ABOUT THIS EXERCISE. Read through the material below and copy each line in which the word "rewrite" occurs.

DATA SECTION.

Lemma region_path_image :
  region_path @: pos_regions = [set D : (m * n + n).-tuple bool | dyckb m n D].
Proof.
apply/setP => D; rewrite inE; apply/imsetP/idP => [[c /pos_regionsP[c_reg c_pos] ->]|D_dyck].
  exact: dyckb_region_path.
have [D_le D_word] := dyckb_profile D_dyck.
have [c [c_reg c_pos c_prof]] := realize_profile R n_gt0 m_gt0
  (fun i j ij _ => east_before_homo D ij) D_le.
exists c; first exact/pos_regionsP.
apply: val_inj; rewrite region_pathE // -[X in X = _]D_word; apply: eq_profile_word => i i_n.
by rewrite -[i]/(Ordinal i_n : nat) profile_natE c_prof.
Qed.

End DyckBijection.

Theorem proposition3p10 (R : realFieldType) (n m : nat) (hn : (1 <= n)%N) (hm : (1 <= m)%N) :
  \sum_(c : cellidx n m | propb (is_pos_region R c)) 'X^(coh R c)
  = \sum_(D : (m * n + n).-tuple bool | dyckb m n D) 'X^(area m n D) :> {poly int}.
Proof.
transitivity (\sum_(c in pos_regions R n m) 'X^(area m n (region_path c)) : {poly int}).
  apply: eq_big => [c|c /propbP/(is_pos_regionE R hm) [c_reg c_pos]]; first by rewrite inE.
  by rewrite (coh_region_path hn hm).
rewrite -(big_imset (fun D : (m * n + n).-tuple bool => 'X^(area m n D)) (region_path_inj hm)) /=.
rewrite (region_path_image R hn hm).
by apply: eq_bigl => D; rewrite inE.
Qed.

...

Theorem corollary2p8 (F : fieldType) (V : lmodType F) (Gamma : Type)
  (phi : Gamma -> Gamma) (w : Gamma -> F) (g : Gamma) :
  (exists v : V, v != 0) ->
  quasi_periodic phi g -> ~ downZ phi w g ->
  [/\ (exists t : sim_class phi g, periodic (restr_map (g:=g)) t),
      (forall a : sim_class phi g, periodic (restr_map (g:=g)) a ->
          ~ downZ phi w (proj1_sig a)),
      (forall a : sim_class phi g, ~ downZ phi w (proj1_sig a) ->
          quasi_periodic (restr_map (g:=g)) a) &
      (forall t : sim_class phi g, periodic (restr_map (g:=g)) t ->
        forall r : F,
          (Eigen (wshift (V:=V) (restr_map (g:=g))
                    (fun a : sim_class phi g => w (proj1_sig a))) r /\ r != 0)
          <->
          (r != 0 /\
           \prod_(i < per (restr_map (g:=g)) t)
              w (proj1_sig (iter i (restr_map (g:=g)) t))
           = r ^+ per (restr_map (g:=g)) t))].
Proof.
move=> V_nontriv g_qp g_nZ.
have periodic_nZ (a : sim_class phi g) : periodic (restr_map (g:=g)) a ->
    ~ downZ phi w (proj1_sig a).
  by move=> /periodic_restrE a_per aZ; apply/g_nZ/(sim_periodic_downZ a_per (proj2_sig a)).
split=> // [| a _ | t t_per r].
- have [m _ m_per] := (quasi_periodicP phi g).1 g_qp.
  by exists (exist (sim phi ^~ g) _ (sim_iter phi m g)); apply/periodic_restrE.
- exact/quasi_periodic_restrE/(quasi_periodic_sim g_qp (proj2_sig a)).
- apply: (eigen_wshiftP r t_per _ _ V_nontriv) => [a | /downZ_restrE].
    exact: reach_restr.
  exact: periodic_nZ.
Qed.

EXERCISE RESPONSE.
apply/setP => D; rewrite inE; apply/imsetP/idP => [[c /pos_regionsP[c_reg c_pos] ->]|D_dyck].
apply: val_inj; rewrite region_pathE // -[X in X = _]D_word; apply: eq_profile_word => i i_n.
by rewrite -[i]/(Ordinal i_n : nat) profile_natE c_prof.
  apply: eq_big => [c|c /propbP/(is_pos_regionE R hm) [c_reg c_pos]]; first by rewrite inE.
  by rewrite (coh_region_path hn hm).
rewrite -(big_imset (fun D : (m * n + n).-tuple bool => 'X^(area m n D)) (region_path_inj hm)) /=.
rewrite (region_path_image R hn hm).
by apply: eq_bigl => D; rewrite inE.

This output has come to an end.